__THE TASK__
All lines from the one containing "g size_g g_neq0." through the last line below must be duplicated exactly, with nothing outside that span.

__Saved data entries__
• • • • •

(* Let $g(x)$ and $a(x)$ be coprime real univariate polynomials with $\deg(g)=m$. If $a(x)>0$ for all $x\in\{x\in\mathbb{R}\mid g(x)=0\}$, then there exists a polynomial $t\in\mathbb{R}[x]_m$ such that $a\equiv t^2\pmod g$.
   Context: $\mathbb{R}[x]_m$ is the space of real univariate polynomials of degree at most $m$. For univariate polynomials, $a\equiv b\pmod g$ means $a=b+wg$ for some $w\in\mathbb{R}[x]$. Coprime means the greatest common divisor is a constant. *)

From mathcomp Require Import all_boot all_order all_algebra.
From mathcomp Require Export Rstruct.
From Stdlib Require Export Reals.

From mathcomp Require Import all_boot all_order all_algebra.
From mathcomp Require Import Rstruct.
From mathcomp Require Import complex ring lra zify.
Import Order.TTheory GRing.Theory Num.Theory.
Set Implicit Arguments.
Unset Strict Implicit.
Local Open Scope ring_scope.

(* Peel off the real irreducible factors of g one complex root z at a time.
   Modulo the factor of z, a square root of a exists: a constant sqrt(a(z)) if
   z is real (this is where positivity is used), and otherwise the real linear
   polynomial taking the value sqrt(a(z)) at z.  Square roots modulo coprime
   moduli are glued by the Chinese remainder theorem, and a repeated factor is
   handled by Hensel lifting from g to g^2, which needs a coprime to g.
   Finally t is reduced modulo g to get deg t < m. *)

Section SquareRootsModulo.
Variable F : fieldType.
Implicit Types a g t : {poly F}.

Lemma dvdp_sub_sqr g a s t :
  g %| t - s -> g %| a - s ^+ 2 -> g %| a - t ^+ 2.
Proof.
move=> gts gas; have -> : a - t ^+ 2 = (a - s ^+ 2) - (t - s) * (t + s) by ring.
by rewrite dvdp_sub // dvdp_mulr.
Qed.

Lemma chinese_remainder_poly g1 g2 t1 t2 : coprimep g1 g2 ->
  exists t, (g1 %| t - t1) && (g2 %| t - t2).
Proof.
move=> /Bezout_eq1_coprimepP [[u v] /= Huv].
exists (t1 * (v * g2) + t2 * (u * g1)); apply/andP; split.
- have -> : t1 * (v * g2) + t2 * (u * g1) - t1
            = g1 * (u * (t2 - t1)) + t1 * (u * g1 + v * g2 - 1) by ring.
  by rewrite Huv subrr mulr0 addr0 dvdp_mulIl.
- have -> : t1 * (v * g2) + t2 * (u * g1) - t2
            = g2 * (v * (t1 - t2)) + t2 * (u * g1 + v * g2 - 1) by ring.
  by rewrite Huv subrr mulr0 addr0 dvdp_mulIl.
Qed.

Lemma sqr_mod_coprime_mul a g1 g2 t1 t2 : coprimep g1 g2 ->
  g1 %| a - t1 ^+ 2 -> g2 %| a - t2 ^+ 2 -> exists t, g1 * g2 %| a - t ^+ 2.
Proof.
move=> g12 at1 at2; have [t /andP [tt1 tt2]] := chinese_remainder_poly t1 t2 g12.
by exists t; rewrite Gauss_dvdp // (dvdp_sub_sqr tt1) // (dvdp_sub_sqr tt2).
Qed.

(* Newton step t = t1 + s g with 2 t1 s = e (u t1^2), where a - t1^2 = e g and
   u is the inverse of a (hence of t1^2) modulo g. *)
Lemma sqr_mod_lift a g t1 : (2%:R : F) != 0 -> coprimep a g ->
  g %| a - t1 ^+ 2 -> exists t, g ^+ 2 %| a - t ^+ 2.
Proof.
move=> two_neq0 /Bezout_eq1_coprimepP [[u v] /= Huv] /dvdpP [e He].
set s := (2%:R : F)^-1%:P * e * u * t1.
have aE : a = t1 ^+ 2 + e * g by rewrite -He; ring.
have two_t1_s : 2%:R * t1 * s = e * (u * t1 ^+ 2).
  have -> : 2%:R * t1 * s = ((2%:R : F) * 2%:R^-1)%:P * e * (u * t1 ^+ 2).
    by rewrite /s polyCM polyC_natr; ring.
  by rewrite mulfV // mul1r.
have u_t1 : u * t1 ^+ 2 = 1 - (v + u * e) * g.
  by rewrite -Huv aE; ring.
exists (t1 + s * g); apply/dvdpP; exists (e * (v + u * e) - s ^+ 2).
have -> : a - (t1 + s * g) ^+ 2 = e * g - (2%:R * t1 * s) * g - s ^+ 2 * g ^+ 2.
  by rewrite aE; ring.
by rewrite two_t1_s u_t1; ring.
Qed.

End SquareRootsModulo.

Local Notation toC := (real_complex R).
Local Notation "f ^C" := (map_poly toC f) (at level 1, format "f ^C").

Definition real_minpoly (z : R[i]) : {poly R} :=
  if complex.Im z == 0 then 'X - (complex.Re z)%:P
  else 'X ^+ 2 - (2%:R * complex.Re z)%:P * 'X
       + (complex.Re z ^+ 2 + complex.Im z ^+ 2)%:P.

Lemma map_real_minpoly z : (real_minpoly z)^C =
  if complex.Im z == 0 then 'X - z%:P else ('X - z%:P) * ('X - (z^*)%C%:P).
Proof.
rewrite /real_minpoly; case: z => x y /=; case: eqP => [->|_].
  by rewrite rmorphB /= map_polyX map_polyC.
rewrite rmorphD rmorphB !rmorphM /= !map_polyX !map_polyC /= -expr2.
have -> : ('X - (x +i* y)%C%:P) * ('X - (x -i* y)%C%:P) =
  'X ^+ 2 - ((x +i* y)%C + (x -i* y)%C)%:P * 'X + ((x +i* y)%C * (x -i* y)%C)%:P.
  rewrite polyCD polyCM; ring.
rewrite -polyCM; congr (_ - _%:P * _ + _%:P).
  by rewrite -rmorphM /=; simpc; congr (Complex _ _); ring.
by simpc; congr (Complex _ _); ring.
Qed.

Lemma root_map_conjc (f : {poly R}) z : root f^C (z^*)%C = root f^C z.
Proof.
rewrite -complex_root_conj -map_poly_comp; congr (root _ _).
by apply: eq_map_poly => x /=; rewrite oppr0.
Qed.

Lemma conjc_neq (z : R[i]) : complex.Im z != 0 -> (z^*)%C != z.
Proof.
case: z => x y /= y_neq0; rewrite eq_complex /= eqxx /=.
by apply: contra y_neq0 => /eqP yE; apply/eqP; lra.
Qed.

Lemma real_minpoly_dvdp (f : {poly R}) z : root f^C z -> real_minpoly z %| f.
Proof.
move=> fz; rewrite -(dvdp_map toC) map_real_minpoly; case: ifP => Im_z.
  by rewrite dvdp_XsubCl.
rewrite Gauss_dvdp; last by rewrite coprimep_XsubC root_XsubC conjc_neq ?Im_z.
by rewrite !dvdp_XsubCl fz root_map_conjc fz.
Qed.

Lemma coprimep_real_minpoly (f : {poly R}) z :
  ~~ root f^C z -> coprimep f (real_minpoly z).
Proof.
move=> fz; rewrite -(coprimep_map toC) map_real_minpoly; case: ifP => _.
  by rewrite coprimep_XsubC.
by rewrite coprimepMr !coprimep_XsubC root_map_conjc fz.
Qed.

Lemma size_real_minpoly z : (1 < size (real_minpoly z))%N.
Proof.
rewrite -(size_map_poly toC) map_real_minpoly; case: ifP => _.
  by rewrite size_XsubC.
by rewrite size_mul ?polyXsubC_eq0 // !size_XsubC.
Qed.

Lemma real_affine_span (z w : R[i]) : complex.Im z != 0 ->
  exists u v : R, toC u * z + toC v = w.
Proof.
case: z => x y; case: w => p q /= y_neq0.
exists (q / y), (p - q / y * x); simpc; congr (Complex _ _).
  by ring.
by field.
Qed.

Lemma sqr_mod_real_minpoly (a : {poly R}) z :
  (complex.Im z = 0 -> 0 <= a.[complex.Re z]) ->
  exists t, real_minpoly z %| a - t ^+ 2.
Proof.
case: (eqVneq (complex.Im z) 0) => [Im_z /(_ Im_z) a_ge0 | Im_z _].
  exists (Num.sqrt a.[complex.Re z])%:P.
  by rewrite /real_minpoly Im_z eqxx dvdp_XsubCl /root !hornerE sqr_sqrtr ?subrr.
have [u [v uvE]] := real_affine_span (sqrtc a^C.[z]) Im_z.
exists (u%:P * 'X + v%:P); apply: real_minpoly_dvdp.
rewrite /root rmorphB rmorphXn rmorphD rmorphM /= map_polyX !map_polyC.
by rewrite hornerD hornerN horner_exp !hornerE /= uvE sqr_sqrtc subrr.
Qed.

Lemma root_map_real (f : {poly R}) z :
  root f^C z -> complex.Im z = 0 -> root f (complex.Re z).
Proof.
case: z => x y /= fz y0; move: fz; rewrite y0 complexr0.
by rewrite /root horner_map fmorph_eq0.
Qed.

Lemma sqr_mod_mul_real_minpoly (a g t1 : {poly R}) z :
  coprimep a g -> g %| a - t1 ^+ 2 ->
  (complex.Im z = 0 -> 0 <= a.[complex.Re z]) ->
  exists t, g * real_minpoly z %| a - t ^+ 2.
Proof.
move=> a_g g_at1 a_z; case: (boolP (root g^C z)) => gz.
  have two_neq0 : (2%:R : R) != 0 by rewrite pnatr_eq0.
  have [t g2_at] := sqr_mod_lift two_neq0 a_g g_at1.
  by exists t; apply: dvdp_trans g2_at; rewrite expr2 dvdp_mul ?real_minpoly_dvdp.
have [t0 t0P] := sqr_mod_real_minpoly a_z.
exact: sqr_mod_coprime_mul (coprimep_real_minpoly gz) g_at1 t0P.
Qed.

Lemma sqr_mod_exists (a g : {poly R}) : g != 0 -> coprimep g a ->
  (forall x, root g x -> 0 < a.[x]) -> exists t, g %| a - t ^+ 2.
Proof.
move: {2}(size g) (leqnn (size g)) => n; elim: n g => [|n IH] g size_g g_neq0.
  by move: size_g; rewrite leqn0 size_poly_eq0 (negbTE g_neq0).
move=> g_a g_pos; case: (leqP (size g) 1) => [size_g_le1 | size_g_gt1].
  have /eqp_dvdl g_unit : g %= 1.
    by rewrite -size_poly_eq1 eqn_leq size_g_le1 lt0n size_poly_eq0.
  by exists 0; rewrite g_unit dvd1p.
have [z gz] : exists z, root g^C z.
  by apply/closed_rootP; rewrite size_map_poly gtn_eqF.
have /dvdpP [g1 gE] := real_minpoly_dvdp gz.
have g1_neq0 : g1 != 0 by apply: contra g_neq0; rewrite gE => /eqP ->; rewrite mul0r.
have size_g1 : (size g1 <= n)%N.
  have p_gt1 := size_real_minpoly z.
  have p_neq0 : real_minpoly z != 0 by rewrite -size_poly_eq0 gtn_eqF // ltnW.
  move: size_g; rewrite gE size_mul //.
  by move: (size g1) (size (real_minpoly z)) p_gt1 => k l; lia.
have g1_g : g1 %| g by rewrite gE dvdp_mulr.
have [t1 g1_at1] : exists t1, g1 %| a - t1 ^+ 2.
  apply: IH => // [|x g1x]; first exact: coprimep_dvdr g1_g g_a.
  by apply: g_pos; rewrite gE rootM g1x.
rewrite gE; apply: (sqr_mod_mul_real_minpoly _ g1_at1) => [|Im_z].
  by apply: coprimep_dvdl g1_g _; rewrite coprimep_sym.
exact/ltW/g_pos/root_map_real.
Qed.

Theorem proposition3p8 (m : nat) (g a : {poly R}) :
  size g = m.+1 ->
  coprimep g a ->
  (forall x : R, root g x -> 0 < a.[x]) ->
  exists t : {poly R}, (size t <= m.+1)%N /\
    exists w : {poly R}, a = t ^+ 2 + w * g.
Proof.
move=> size_g g_a g_pos.
have g_neq0 : g != 0 by rewrite -size_poly_eq0 size_g.
have [t g_at] := sqr_mod_exists g_neq0 g_a g_pos.
have g_atmod : g %| a - (t %% g) ^+ 2.
  apply: dvdp_sub_sqr g_at.
  have -> : t %% g - t = - (t %/ g) * g by rewrite {2}(divp_eq t g); ring.
  exact: dvdp_mull.
exists (t %% g); split; first by rewrite ltnW // -size_g ltn_modp.
by exists ((a - (t %% g) ^+ 2) %/ g); rewrite divpK // addrC subrK.
Qed.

• • • • •

__EXERCISE RESPONSE__
move: {2}(size g) (leqnn (size g)) => n; elim: n g => [|n IH] g size_g g_neq0.
  by move: size_g; rewrite leqn0 size_poly_eq0 (negbTE g_neq0).
move=> g_a g_pos; case: (leqP (size g) 1) => [size_g_le1 | size_g_gt1].
  have /eqp_dvdl g_unit : g %= 1.
    by rewrite -size_poly_eq1 eqn_leq size_g_le1 lt0n size_poly_eq0.
  by exists 0; rewrite g_unit dvd1p.
have [z gz] : exists z, root g^C z.
  by apply/closed_rootP; rewrite size_map_poly gtn_eqF.
have /dvdpP [g1 gE] := real_minpoly_dvdp gz.
have g1_neq0 : g1 != 0 by apply: contra g_neq0; rewrite gE => /eqP ->; rewrite mul0r.
have size_g1 : (size g1 <= n)%N.
  have p_gt1 := size_real_minpoly z.
  have p_neq0 : real_minpoly z != 0 by rewrite -size_poly_eq0 gtn_eqF // ltnW.
  move: size_g; rewrite gE size_mul //.
  by move: (size g1) (size (real_minpoly z)) p_gt1 => k l; lia.
have g1_g : g1 %| g by rewrite gE dvdp_mulr.
have [t1 g1_at1] : exists t1, g1 %| a - t1 ^+ 2.
  apply: IH => // [|x g1x]; first exact: coprimep_dvdr g1_g g_a.
  by apply: g_pos; rewrite gE rootM g1x.
rewrite gE; apply: (sqr_mod_mul_real_minpoly _ g1_at1) => [|Im_z].
  by apply: coprimep_dvdl g1_g _; rewrite coprimep_sym.
exact/ltW/g_pos/root_map_real.
Qed.

Theorem proposition3p8 (m : nat) (g a : {poly R}) :
  size g = m.+1 ->
  coprimep g a ->
  (forall x : R, root g x -> 0 < a.[x]) ->
  exists t : {poly R}, (size t <= m.+1)%N /\
    exists w : {poly R}, a = t ^+ 2 + w * g.
Proof.
move=> size_g g_a g_pos.
have g_neq0 : g != 0 by rewrite -size_poly_eq0 size_g.
have [t g_at] := sqr_mod_exists g_neq0 g_a g_pos.
have g_atmod : g %| a - (t %% g) ^+ 2.
  apply: dvdp_sub_sqr g_at.
  have -> : t %% g - t = - (t %/ g) * g by rewrite {2}(divp_eq t g); ring.
  exact: dvdp_mull.
exists (t %% g); split; first by rewrite ltnW // -size_g ltn_modp.
by exists ((a - (t %% g) ^+ 2) %/ g); rewrite divpK // addrC subrK.
Qed.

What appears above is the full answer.